Items from a dataset
★ ★ ★ ★ ★

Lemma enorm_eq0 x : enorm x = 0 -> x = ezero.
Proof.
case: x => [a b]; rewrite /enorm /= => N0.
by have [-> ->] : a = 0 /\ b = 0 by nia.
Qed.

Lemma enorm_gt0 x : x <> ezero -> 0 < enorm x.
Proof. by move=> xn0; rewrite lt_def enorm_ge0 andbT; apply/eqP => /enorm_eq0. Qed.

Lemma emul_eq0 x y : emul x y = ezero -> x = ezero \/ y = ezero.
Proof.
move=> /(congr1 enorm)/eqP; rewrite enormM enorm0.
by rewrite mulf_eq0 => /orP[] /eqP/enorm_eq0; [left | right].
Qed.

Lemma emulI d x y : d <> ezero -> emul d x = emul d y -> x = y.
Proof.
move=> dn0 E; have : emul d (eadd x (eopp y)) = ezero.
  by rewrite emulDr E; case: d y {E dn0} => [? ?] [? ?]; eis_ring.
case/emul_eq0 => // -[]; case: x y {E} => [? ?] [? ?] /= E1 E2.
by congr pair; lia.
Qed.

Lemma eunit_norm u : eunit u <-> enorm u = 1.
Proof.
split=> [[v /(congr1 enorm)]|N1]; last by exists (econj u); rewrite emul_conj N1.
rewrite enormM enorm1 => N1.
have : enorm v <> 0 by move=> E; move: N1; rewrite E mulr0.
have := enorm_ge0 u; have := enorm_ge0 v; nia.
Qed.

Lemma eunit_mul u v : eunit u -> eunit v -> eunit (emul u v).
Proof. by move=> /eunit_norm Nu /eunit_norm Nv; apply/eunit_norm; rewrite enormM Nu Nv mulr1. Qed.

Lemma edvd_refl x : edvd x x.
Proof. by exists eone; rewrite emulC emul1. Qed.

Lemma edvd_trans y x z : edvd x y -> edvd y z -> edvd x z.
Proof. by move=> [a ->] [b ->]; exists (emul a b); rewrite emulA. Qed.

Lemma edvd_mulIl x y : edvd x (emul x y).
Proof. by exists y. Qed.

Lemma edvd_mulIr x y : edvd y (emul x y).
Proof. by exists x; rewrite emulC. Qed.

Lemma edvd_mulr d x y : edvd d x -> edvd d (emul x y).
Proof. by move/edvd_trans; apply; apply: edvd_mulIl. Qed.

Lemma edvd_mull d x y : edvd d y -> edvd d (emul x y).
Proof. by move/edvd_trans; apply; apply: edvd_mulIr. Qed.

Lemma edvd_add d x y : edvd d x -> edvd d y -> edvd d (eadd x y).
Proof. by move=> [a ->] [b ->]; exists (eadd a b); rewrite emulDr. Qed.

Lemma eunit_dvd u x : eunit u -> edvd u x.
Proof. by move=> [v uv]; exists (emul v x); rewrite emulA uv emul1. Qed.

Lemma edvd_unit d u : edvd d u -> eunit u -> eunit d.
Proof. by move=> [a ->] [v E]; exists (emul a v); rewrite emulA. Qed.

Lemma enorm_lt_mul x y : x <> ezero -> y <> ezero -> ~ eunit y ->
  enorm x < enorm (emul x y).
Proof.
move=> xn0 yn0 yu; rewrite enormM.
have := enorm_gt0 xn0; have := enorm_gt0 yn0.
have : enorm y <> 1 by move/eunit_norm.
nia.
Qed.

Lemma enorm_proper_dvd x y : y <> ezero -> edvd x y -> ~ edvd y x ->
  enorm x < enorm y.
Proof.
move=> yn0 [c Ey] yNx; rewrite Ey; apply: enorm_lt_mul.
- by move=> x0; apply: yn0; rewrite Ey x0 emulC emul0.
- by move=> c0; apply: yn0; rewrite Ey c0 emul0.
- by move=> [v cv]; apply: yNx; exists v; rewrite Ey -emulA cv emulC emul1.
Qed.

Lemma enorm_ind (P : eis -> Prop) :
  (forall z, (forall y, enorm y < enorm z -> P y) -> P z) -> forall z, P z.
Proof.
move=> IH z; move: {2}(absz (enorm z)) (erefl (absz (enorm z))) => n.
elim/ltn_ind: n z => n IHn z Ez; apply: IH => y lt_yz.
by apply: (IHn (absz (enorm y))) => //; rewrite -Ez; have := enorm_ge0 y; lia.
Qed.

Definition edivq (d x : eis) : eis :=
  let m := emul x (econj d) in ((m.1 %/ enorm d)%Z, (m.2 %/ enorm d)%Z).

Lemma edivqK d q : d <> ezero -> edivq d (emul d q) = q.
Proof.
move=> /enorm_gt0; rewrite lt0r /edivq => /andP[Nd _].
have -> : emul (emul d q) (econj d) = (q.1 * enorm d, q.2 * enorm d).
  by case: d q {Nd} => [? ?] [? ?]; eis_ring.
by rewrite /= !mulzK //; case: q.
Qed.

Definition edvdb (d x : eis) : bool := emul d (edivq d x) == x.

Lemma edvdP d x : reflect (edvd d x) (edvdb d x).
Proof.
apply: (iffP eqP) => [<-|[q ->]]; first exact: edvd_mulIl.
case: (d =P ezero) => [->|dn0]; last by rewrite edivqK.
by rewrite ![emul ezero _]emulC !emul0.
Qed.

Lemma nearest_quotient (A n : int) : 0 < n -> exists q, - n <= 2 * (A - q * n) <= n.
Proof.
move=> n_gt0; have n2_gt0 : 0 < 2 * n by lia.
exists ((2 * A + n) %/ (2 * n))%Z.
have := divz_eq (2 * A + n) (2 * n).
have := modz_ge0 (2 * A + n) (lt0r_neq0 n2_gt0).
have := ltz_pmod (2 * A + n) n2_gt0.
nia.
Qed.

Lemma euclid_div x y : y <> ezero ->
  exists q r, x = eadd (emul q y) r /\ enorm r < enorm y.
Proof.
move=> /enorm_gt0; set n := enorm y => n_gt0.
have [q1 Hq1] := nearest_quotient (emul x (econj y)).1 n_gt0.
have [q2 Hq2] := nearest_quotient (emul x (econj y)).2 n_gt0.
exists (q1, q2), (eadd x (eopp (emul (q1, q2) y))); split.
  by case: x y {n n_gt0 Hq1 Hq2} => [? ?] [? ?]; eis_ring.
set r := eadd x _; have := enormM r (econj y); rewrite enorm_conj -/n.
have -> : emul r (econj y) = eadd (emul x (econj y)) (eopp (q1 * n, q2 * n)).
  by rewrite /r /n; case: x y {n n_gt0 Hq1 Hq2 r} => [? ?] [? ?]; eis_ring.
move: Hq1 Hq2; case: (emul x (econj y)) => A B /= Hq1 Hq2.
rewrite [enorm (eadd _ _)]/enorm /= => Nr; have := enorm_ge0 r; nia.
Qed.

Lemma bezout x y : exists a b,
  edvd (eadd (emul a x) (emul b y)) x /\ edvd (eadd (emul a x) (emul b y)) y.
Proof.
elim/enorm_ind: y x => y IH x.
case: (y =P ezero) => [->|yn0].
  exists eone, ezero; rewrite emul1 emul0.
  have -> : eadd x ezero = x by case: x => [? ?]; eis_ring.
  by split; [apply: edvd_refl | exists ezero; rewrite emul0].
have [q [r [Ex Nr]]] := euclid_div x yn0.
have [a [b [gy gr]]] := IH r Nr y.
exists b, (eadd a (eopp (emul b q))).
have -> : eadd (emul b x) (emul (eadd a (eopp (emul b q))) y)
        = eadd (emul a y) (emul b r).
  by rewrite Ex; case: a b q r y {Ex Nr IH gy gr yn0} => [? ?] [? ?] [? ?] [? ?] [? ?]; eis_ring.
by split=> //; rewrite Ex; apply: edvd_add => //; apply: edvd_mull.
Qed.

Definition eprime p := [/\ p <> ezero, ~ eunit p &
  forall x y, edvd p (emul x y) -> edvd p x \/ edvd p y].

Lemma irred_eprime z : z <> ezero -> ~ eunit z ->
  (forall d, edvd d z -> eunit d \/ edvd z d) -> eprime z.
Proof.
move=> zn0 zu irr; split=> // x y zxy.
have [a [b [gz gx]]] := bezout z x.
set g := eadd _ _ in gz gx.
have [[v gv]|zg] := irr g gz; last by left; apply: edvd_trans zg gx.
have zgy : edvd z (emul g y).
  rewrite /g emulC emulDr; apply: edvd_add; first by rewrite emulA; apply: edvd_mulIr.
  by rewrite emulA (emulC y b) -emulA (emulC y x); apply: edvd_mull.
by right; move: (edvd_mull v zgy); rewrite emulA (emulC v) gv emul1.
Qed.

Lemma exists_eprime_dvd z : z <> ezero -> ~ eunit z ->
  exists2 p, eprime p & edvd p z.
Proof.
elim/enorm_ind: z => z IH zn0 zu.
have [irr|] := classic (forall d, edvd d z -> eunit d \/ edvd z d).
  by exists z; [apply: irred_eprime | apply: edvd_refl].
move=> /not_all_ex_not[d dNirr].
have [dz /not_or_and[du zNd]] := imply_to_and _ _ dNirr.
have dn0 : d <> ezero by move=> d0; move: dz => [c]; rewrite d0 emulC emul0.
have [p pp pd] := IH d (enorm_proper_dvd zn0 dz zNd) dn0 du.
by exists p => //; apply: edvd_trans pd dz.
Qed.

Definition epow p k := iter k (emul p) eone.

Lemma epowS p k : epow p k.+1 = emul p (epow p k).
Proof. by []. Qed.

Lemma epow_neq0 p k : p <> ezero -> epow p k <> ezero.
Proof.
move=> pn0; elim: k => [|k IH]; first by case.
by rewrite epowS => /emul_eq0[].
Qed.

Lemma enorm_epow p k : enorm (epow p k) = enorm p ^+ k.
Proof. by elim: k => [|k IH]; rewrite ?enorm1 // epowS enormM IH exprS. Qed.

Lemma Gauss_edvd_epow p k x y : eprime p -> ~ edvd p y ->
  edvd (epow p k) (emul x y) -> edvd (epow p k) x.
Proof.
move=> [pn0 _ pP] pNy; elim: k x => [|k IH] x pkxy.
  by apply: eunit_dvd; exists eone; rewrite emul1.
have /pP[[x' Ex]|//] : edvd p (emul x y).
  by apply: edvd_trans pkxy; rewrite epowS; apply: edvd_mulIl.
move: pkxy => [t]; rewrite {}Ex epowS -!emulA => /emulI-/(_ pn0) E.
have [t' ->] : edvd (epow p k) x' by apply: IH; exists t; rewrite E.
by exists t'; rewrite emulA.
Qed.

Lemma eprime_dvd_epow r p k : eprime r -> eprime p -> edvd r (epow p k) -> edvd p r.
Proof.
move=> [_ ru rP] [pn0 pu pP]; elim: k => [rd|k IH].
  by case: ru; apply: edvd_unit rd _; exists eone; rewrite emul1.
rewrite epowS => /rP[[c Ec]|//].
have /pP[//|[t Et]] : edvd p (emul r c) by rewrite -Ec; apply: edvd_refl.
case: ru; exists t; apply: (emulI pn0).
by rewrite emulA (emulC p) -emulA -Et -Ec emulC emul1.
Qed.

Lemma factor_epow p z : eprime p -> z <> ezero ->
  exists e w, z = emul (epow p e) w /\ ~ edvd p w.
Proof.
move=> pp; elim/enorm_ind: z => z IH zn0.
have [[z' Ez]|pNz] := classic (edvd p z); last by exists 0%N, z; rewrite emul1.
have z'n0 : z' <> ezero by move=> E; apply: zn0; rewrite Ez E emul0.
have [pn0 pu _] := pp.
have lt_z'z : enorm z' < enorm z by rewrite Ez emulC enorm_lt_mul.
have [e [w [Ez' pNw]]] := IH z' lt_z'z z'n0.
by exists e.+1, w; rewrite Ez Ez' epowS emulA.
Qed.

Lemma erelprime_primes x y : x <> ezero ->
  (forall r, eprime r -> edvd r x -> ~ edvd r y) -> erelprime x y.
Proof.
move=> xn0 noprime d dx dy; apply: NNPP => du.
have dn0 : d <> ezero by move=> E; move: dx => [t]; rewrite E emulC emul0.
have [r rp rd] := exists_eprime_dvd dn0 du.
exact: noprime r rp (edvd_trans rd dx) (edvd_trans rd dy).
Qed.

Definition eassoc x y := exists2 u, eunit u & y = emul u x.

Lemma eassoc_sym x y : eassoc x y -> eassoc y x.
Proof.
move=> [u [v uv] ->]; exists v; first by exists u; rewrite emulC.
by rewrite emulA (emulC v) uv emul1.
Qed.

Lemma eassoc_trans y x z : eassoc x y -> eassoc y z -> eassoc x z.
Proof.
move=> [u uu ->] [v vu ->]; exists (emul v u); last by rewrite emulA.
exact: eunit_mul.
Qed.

★ ★ ★ ★ ★

§ What this task involves
Copy out, word for word, the part of the entries above that begins at the line with "move: pkxy =>" and ends at the line with "have /pP[//|[t Et]]", including both.

§ Task result
move: pkxy => [t]; rewrite {}Ex epowS -!emulA => /emulI-/(_ pn0) E.
have [t' ->] : edvd (epow p k) x' by apply: IH; exists t; rewrite E.
by exists t'; rewrite emulA.
Qed.

Lemma eprime_dvd_epow r p k : eprime r -> eprime p -> edvd r (epow p k) -> edvd p r.
Proof.
move=> [_ ru rP] [pn0 pu pP]; elim: k => [rd|k IH].
  by case: ru; apply: edvd_unit rd _; exists eone; rewrite emul1.
rewrite epowS => /rP[[c Ec]|//].
have /pP[//|[t Et]] : edvd p (emul r c) by rewrite -Ec; apply: edvd_refl.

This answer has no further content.